Treat system prompts as crown jewel assets: store them with strict access controls, implement version history and integrity monitoring, audit prompt databases separately from application code. Require authentication for all API endpoints, use fully parameterised queries including for JSON key names, run continuous autonomous security testing, and establish clear responsible disclosure programmes with rapid acknowledgement commitments.

Glossary

Key terms from AI platform security and the McKinsey Lilli breach.

SQL Injection (SQLi)

An attack inserting malicious SQL via user-supplied input. Affects any input concatenated into a SQL statement — including JSON key names, not just values.

JSON Key Injection

A SQLi variant where the attack vector is the key name (field name) in a JSON payload, bypassing standard parameterisation which only protects values.

IDOR

Insecure Direct Object Reference. Exposed object references without proper auth checks allow attackers to access data belonging to other users by manipulating IDs.

RAG (Retrieval-Augmented Generation)

AI architecture combining a language model with a retrieval system over a document corpus.

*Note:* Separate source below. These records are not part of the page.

(* Let $\omega\in\Omega$ be a path and $I$ a closed interval with $I\subseteq(0,1)$. If $\omega$ is wCH-random for $I$, then $\omega$ is not recursive. The same conclusion holds if $\omega$ is $\mathscr S$-random for $I$ for some countable set $\mathscr S$ of selection processes containing all recursive temporal selection processes, or if $\omega$ is $R$-random for $I$ for some $R\in\{\mathrm{ML},\mathrm{wML},\mathrm{C},\mathrm{S}\}$.
   Context: Notation: $\mathbb N=\{1,2,\dots\}$, $\mathbb N_0=\mathbb N\cup\{0\}$. $\Omega=\{0,1\}^{\mathbb N}$ is the set of paths $\omega=(\omega_1,\omega_2,\dots)$; $\omega_{1:n}=(\omega_1,\dots,\omega_n)$, $\omega_{1:0}=\square$. $\mathbb S=\bigcup_{n\in\mathbb N_0}\{0,1\}^n$ is the set of situations, $|s|$ the length, $sx$ concatenation. For $r\in[0,1]$, $f:\{0,1\}\to\mathbb R$: $E_r(f)=rf(1)+(1-r)f(0)$; $\overline E_I(f)=\max_{r\in I}E_r(f)$. A forecasting system is a map $\varphi$ from $\mathbb S$ to closed subintervals of $[0,1]$, with $\underline\varphi(s)=\min\varphi(s)$, $\overline\varphi(s)=\max\varphi(s)$; being random for an interval $I$ means being random for the constant forecasting system with value $I$. Computability: a map from a countable effectively encoded domain ($\mathbb N$, $\mathbb N_0$, $\mathbb S$, products with $\{0,1\}$ and $\mathbb N_0$) to $\mathbb N_0$ or $\mathbb Q$ or $\{0,1\}$ is recursive if Turing-computable; a path is recursive if $n\mapsto\omega_n$ is recursive. A real map $r$ is lower semicomputable if $r(d)=\lim_nq(d,n)$ for a recursive rational $q$ non-decreasing in $n$, computable if $|r(d)-q(d,n)|<2^{-n}$ for a recursive rational $q$. Selection processes: maps $S:\mathbb S\to\{0,1\}$; temporal if $S(s)$ depends only on $|s|$ (written $S(n)$). For a countable set $\mathscr S$ of selection processes, $\omega$ is $\mathscr S$-random for $\varphi$ if for every $S\in\mathscr S$ with $\lim_n\sum_{k=0}^{n-1}S(\omega_{1:k})=\infty$: $\liminf_n\frac{\sum_{k=0}^{n-1}S(\omega_{1:k})[\omega_{k+1}-\underline\varphi(\omega_{1:k})]}{\sum_{k=0}^{n-1}S(\omega_{1:k})}\ge0$ and $\limsup_n\frac{\sum_{k=0}^{n-1}S(\omega_{1:k})[\omega_{k+1}-\overline\varphi(\omega_{1:k})]}{\sum_{k=0}^{n-1}S(\omega_{1:k})}\le0$. $\omega$ is wCH-random for $\varphi$ if it is $\mathscr S$-random for $\varphi$ with $\mathscr S$ the set of all recursive temporal selection processes. Martingale-theoretic randomness: a real process is $F:\mathbb S\to\mathbb R$, $\Delta F(s)$ is $x\mapsto F(sx)-F(s)$; $M$ is a supermartingale for $\varphi$ if $\overline E_{\varphi(s)}(\Delta M(s))\le0$ for all $s$. A test process is a non-negative real process with $F(\square)=1$; a test supermartingale for $\varphi$ is a test process that is a supermartingale for $\varphi$. A multiplier process $D$ assigns to each $s$ a function $D(s):\{0,1\}\to[0,\infty)$ and generates the test process $F(\square)=1$, $F(sx)=F(s)D(s)(x)$. $\mathscr F_{\mathrm{ML}}$: lower semicomputable test processes; $\mathscr F_{\mathrm{wML}}$: test processes generated by lower semicomputable multiplier processes; $\mathscr F_{\mathrm C}=\mathscr F_{\mathrm S}$: positive rational-valued recursive test processes. $\overline{\mathbb T}_R(\varphi)$: elements of $\mathscr F_R$ that are test supermartingales for $\varphi$. For $R\in\{\mathrm{ML},\mathrm{wML},\mathrm C\}$, $\omega$ is $R$-random for $\varphi$ if no $T\in\overline{\mathbb T}_R(\varphi)$ has $\limsup_nT(\omega_{1:n})=\infty$. A real growth function is a computable, non-decreasing, unbounded $\tau:\mathbb N_0\to[0,\infty)$; $\omega$ is S-random for $\varphi$ if there are no $T\in\overline{\mathbb T}_{\mathrm S}(\varphi)$ and real growth function $\tau$ with $\limsup_n[T(\omega_{1:n})-\tau(n)]\ge0$. *)

From Stdlib Require Import Reals Lra List.
From Coquelicot Require Import Coquelicot.
Open Scope R_scope.

Inductive code : Type :=
| CZero
| CSucc
| CProj (i : nat)
| CComp (f : code) (gs : list code)
| CPrec (f g : code)
| CMu (f : code).

Inductive eval : code -> list nat -> nat -> Prop :=
| ev_zero v : eval CZero v 0
| ev_succ v : eval CSucc v (S (hd 0%nat v))
| ev_proj i v : eval (CProj i) v (nth i v 0%nat)
| ev_comp f gs v ws y :
    Forall2 (fun g w => eval g v w) gs ws -> eval f ws y -> eval (CComp f gs) v y
| ev_prec0 f g v y : eval f v y -> eval (CPrec f g) (0%nat :: v) y
| ev_precS f g n v z y :
    eval (CPrec f g) (n :: v) z -> eval g (n :: z :: v) y ->
    eval (CPrec f g) (S n :: v) y
| ev_mu f v n :
    eval f (n :: v) 0%nat ->
    (forall m, (m < n)%nat -> exists k, k <> 0%nat /\ eval f (m :: v) k) ->
    eval (CMu f) v n.

Definition recursive_nat (f : nat -> nat) : Prop :=
  exists c : code, forall n, eval c (n :: nil) (f n).

Definition cpair (x y : nat) : nat := (Nat.div ((x + y) * (x + y + 1)) 2 + y)%nat.

(* bijective encoding of situations (finite bit strings) *)
Fixpoint enc_sit (s : list bool) : nat :=
  match s with
  | nil => 0%nat
  | b :: s' => (2 * enc_sit s' + (if b then 2 else 1))%nat
  end.

Definition nat_of_bool (b : bool) : nat := if b then 1%nat else 0%nat.

Definition recursive_on {D : Type} (enc : D -> nat) (f : D -> nat) : Prop :=
  exists g : nat -> nat, recursive_nat g /\ forall d, f d = g (enc d).

Definition recursive_rat_on {D : Type} (enc : D -> nat) (f : D -> R) : Prop :=
  exists p m q : D -> nat,
    recursive_on enc p /\ recursive_on enc m /\ recursive_on enc q /\
    forall d, f d = (INR (p d) - INR (m d)) / (INR (q d) + 1).

Definition lower_semicomputable {D : Type} (enc : D -> nat) (r : D -> R) : Prop :=
  exists q : D -> nat -> R,
    recursive_rat_on (fun dn : D * nat => cpair (enc (fst dn)) (snd dn))
                     (fun dn => q (fst dn) (snd dn)) /\
    (forall d n, q d n <= q d (S n)) /\
    (forall d, is_lim_seq (q d) (r d)).

Definition computable_real {D : Type} (enc : D -> nat) (r : D -> R) : Prop :=
  exists q : D -> nat -> R,
    recursive_rat_on (fun dn : D * nat => cpair (enc (fst dn)) (snd dn))
                     (fun dn => q (fst dn) (snd dn)) /\
    (forall d n, Rabs (r d - q d n) < / 2 ^ n).

(* A path omega = (omega_1, omega_2, ...) is represented as
   [omega : nat -> bool] with [omega k] = omega_{k+1}. *)
Definition path := nat -> bool.
Definition sit := list bool.

Definition prefix (omega : path) (n : nat) : sit := map omega (seq 0 n).

Definition b2R (b : bool) : R := if b then 1 else 0.

Definition recursive_path (omega : path) : Prop :=
  recursive_nat (fun n => nat_of_bool (omega n)).

Fixpoint psum (u : nat -> R) (n : nat) : R :=
  match n with
  | O => 0
  | S n' => psum u n' + u n'
  end.

Definition selection := sit -> bool.

Definition temporal (S : selection) : Prop :=
  forall s t : sit, length s = length t -> S s = S t.

Definition recursive_selection (S : selection) : Prop :=
  recursive_on enc_sit (fun s => nat_of_bool (S s)).

Definition rec_temporal (S : selection) : Prop :=
  recursive_selection S /\ temporal S.

Definition countable_set {T : Type} (SS : T -> Prop) : Prop :=
  exists e : nat -> T, forall x, SS x -> exists n, e n = x.

(* omega is SS-random for the constant forecasting system I = [a, b]
   (lower forecast a, upper forecast b). *)
Definition sel_random (SS : selection -> Prop) (omega : path) (a b : R) : Prop :=
  forall S : selection, SS S ->
    let sel k := b2R (S (prefix omega k)) in
    is_lim_seq (psum sel) p_infty ->
    Rbar_le (Finite 0)
      (LimInf_seq (fun n => psum (fun k => sel k * (b2R (omega k) - a)) n
                            / psum sel n)) /\
    Rbar_le
      (LimSup_seq (fun n => psum (fun k => sel k * (b2R (omega k) - b)) n
                            / psum sel n)) (Finite 0).

Definition wCH_random (omega : path) (a b : R) : Prop :=
  sel_random rec_temporal omega a b.

Definition process := sit -> R.

Definition Er (r : R) (f : bool -> R) : R := r * f true + (1 - r) * f false.

Definition Delta (F : process) (s : sit) : bool -> R :=
  fun x => F (s ++ x :: nil) - F s.

Definition supermartingale (M : process) (a b : R) : Prop :=
  forall s : sit, forall r, a <= r <= b -> Er r (Delta M s) <= 0.

Definition test_process (F : process) : Prop :=
  F nil = 1 /\ forall s, 0 <= F s.

Definition test_supermartingale (T : process) (a b : R) : Prop :=
  test_process T /\ supermartingale T a b.

Definition multiplier_process (D : sit -> bool -> R) : Prop :=
  forall s x, 0 <= D s x.

Definition generated_by (D : sit -> bool -> R) (F : process) : Prop :=
  F nil = 1 /\ forall s x, F (s ++ x :: nil) = F s * D s x.

Definition enc_sit_bool (sx : sit * bool) : nat :=
  cpair (enc_sit (fst sx)) (nat_of_bool (snd sx)).

Definition F_ML (T : process) : Prop :=
  test_process T /\ lower_semicomputable enc_sit T.

Definition F_wML (T : process) : Prop :=
  exists D : sit -> bool -> R,
    multiplier_process D /\
    lower_semicomputable enc_sit_bool (fun sx => D (fst sx) (snd sx)) /\
    generated_by D T.

(* F_C = F_S : positive rational-valued recursive test processes *)
Definition F_C (T : process) : Prop :=
  test_process T /\ (forall s, 0 < T s) /\ recursive_rat_on enc_sit T.

Definition martingale_random (FR : process -> Prop) (omega : path) (a b : R) : Prop :=
  ~ exists T : process, FR T /\ test_supermartingale T a b /\
      LimSup_seq (fun n => T (prefix omega n)) = p_infty.

Definition ML_random := martingale_random F_ML.
Definition wML_random := martingale_random F_wML.
Definition C_random := martingale_random F_C.

Definition real_growth_function (tau : nat -> R) : Prop :=
  computable_real (fun n : nat => n) tau /\
  (forall n, 0 <= tau n) /\
  (forall n m, (n <= m)%nat -> tau n <= tau m) /\
  (forall M, exists n, M < tau n).

Definition S_random (omega : path) (a b : R) : Prop :=
  ~ exists (T : process) (tau : nat -> R),
      F_C T /\ test_supermartingale T a b /\ real_growth_function tau /\
      Rbar_le (Finite 0) (LimSup_seq (fun n => T (prefix omega n) - tau n)).

(* If omega is recursive, so are the temporal selection rules "select n when
   omega_(n+1) = c" for c = 0, 1.  One of them selects infinitely often, and all the bits
   it selects equal c, so their relative frequency is 1 > max I or 0 < min I.
   Likewise, the process whose capital is multiplied by 1 + x when the next bit agrees
   with omega and by 1/2 otherwise is, for a rational 0 < x <= min (min I, 1 - max I) / 2,
   a positive recursive rational test supermartingale for I.  Along omega it equals
   (1 + x)^n >= 1 + n x, so it is unbounded and outgrows the growth function n x. *)

From Pilot Require Import Defs.
From Stdlib Require Import Reals Lra Lia List Arith Cantor Classical.
From Coquelicot Require Import Coquelicot.
Import ListNotations.
Open Scope nat_scope.

(** * Partial recursive functions *)

Definition computable (f : list nat -> nat) : Prop :=
  exists c : code, forall v, eval c v (f v).

Definition computable1 (f : nat -> nat) : Prop :=
  computable (fun v => f (nth 0 v 0)).

Definition computable2 (f : nat -> nat -> nat) : Prop :=
  computable (fun v => f (nth 0 v 0) (nth 1 v 0)).

Lemma computable_ext f g : computable f -> (forall v, f v = g v) -> computable g.
Proof. intros [c Hc] Efg. exists c. intro v. rewrite <- Efg. apply Hc. Qed.

Lemma computable_proj i : computable (fun v => nth i v 0).
Proof. exists (CProj i). intro v. constructor. Qed.

Lemma computable1_comp f g : computable1 f -> computable g -> computable (fun v => f (g v)).
Proof.
  intros [cf Hf] [cg Hg]. exists (CComp cf [cg]). intro v.
  apply ev_comp with (ws := [g v]); [repeat constructor; apply Hg | apply Hf].
Qed.

Lemma computable2_comp f g h :
  computable2 f -> computable g -> computable h -> computable (fun v => f (g v) (h v)).
Proof.
  intros [cf Hf] [cg Hg] [ch Hh]. exists (CComp cf [cg; ch]). intro v.
  apply ev_comp with (ws := [g v; h v]); [repeat constructor; auto | apply Hf].
Qed.

Lemma computable1_succ : computable1 S.
Proof. exists CSucc. intros [|n v]; constructor. Qed.

Lemma computable_const n : computable (fun _ => n).
Proof.
  induction n as [|n IHn]; [exists CZero; intro; constructor |].
  exact (computable1_comp S _ computable1_succ IHn).
Qed.

Create HintDb computable.
#[local] Hint Resolve computable_proj computable_const : computable.
#[local] Hint Unfold computable1 computable2 : computable.

Lemma computable2_primrec (F : nat -> nat -> nat) f g :
  computable1 f -> computable g ->
  (forall p, F 0 p = f p) -> (forall n p, F (S n) p = g [n; F n p; p]) ->
  computable2 F.
Proof.
  intros [cf Hf] [cg Hg] F0 FS. exists (CComp (CPrec cf cg) [CProj 0; CProj 1]). intro v.
  apply ev_comp with (ws := [nth 0 v 0; nth 1 v 0]); [repeat constructor |].
  induction (nth 0 v 0) as [|n IHn].
  - constructor. rewrite F0. apply (Hf [nth 1 v 0]).
  - econstructor; [exact IHn |]. rewrite FS. apply Hg.
Qed.

Lemma computable_least_zero f m : computable f ->
  (forall v, f (m v :: v) = 0 /\ forall k, k < m v -> f (k :: v) <> 0) ->
  computable m.
Proof.
  intros [cf Hf] Hm. exists (CMu cf). intro v. destruct (Hm v) as [Hzero Hmin].
  constructor.
  - rewrite <- Hzero. apply Hf.
  - intros k Hk. exists (f (k :: v)). auto.
Qed.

The model fetches relevant chunks before generating responses, grounding outputs in specific documents.

Prompt Layer

System prompts and instructions stored in databases or config files governing AI behaviour. Often unversioned and unmonitored — a new high-value attack surface class.

Blind SQL Injection

SQLi technique where results can't be directly read but database structure is inferred from error messages, timing, or conditional behaviours. Used in 15 iterations against Lilli.

Attack Surface Mapping

Discovery and cataloguing of all interaction points — API endpoints, auth flows, file handlers, external integrations — where an attacker could interact with a system.

Responsible Disclosure

Practice of privately reporting a security flaw to the affected organisation, allowing remediation time, and only publishing after fixes are confirmed in place.

Vector Store

Database optimised for high-dimensional vector embeddings used in AI retrieval. Exposure reveals both document content and retrieval architecture — as seen with 266,000+ OpenAI vector stores.

Autonomous Penetration Testing

Security testing by AI agents that autonomously discover targets, map surfaces, identify vulnerabilities, chain exploits, and document findings — without continuous human direction.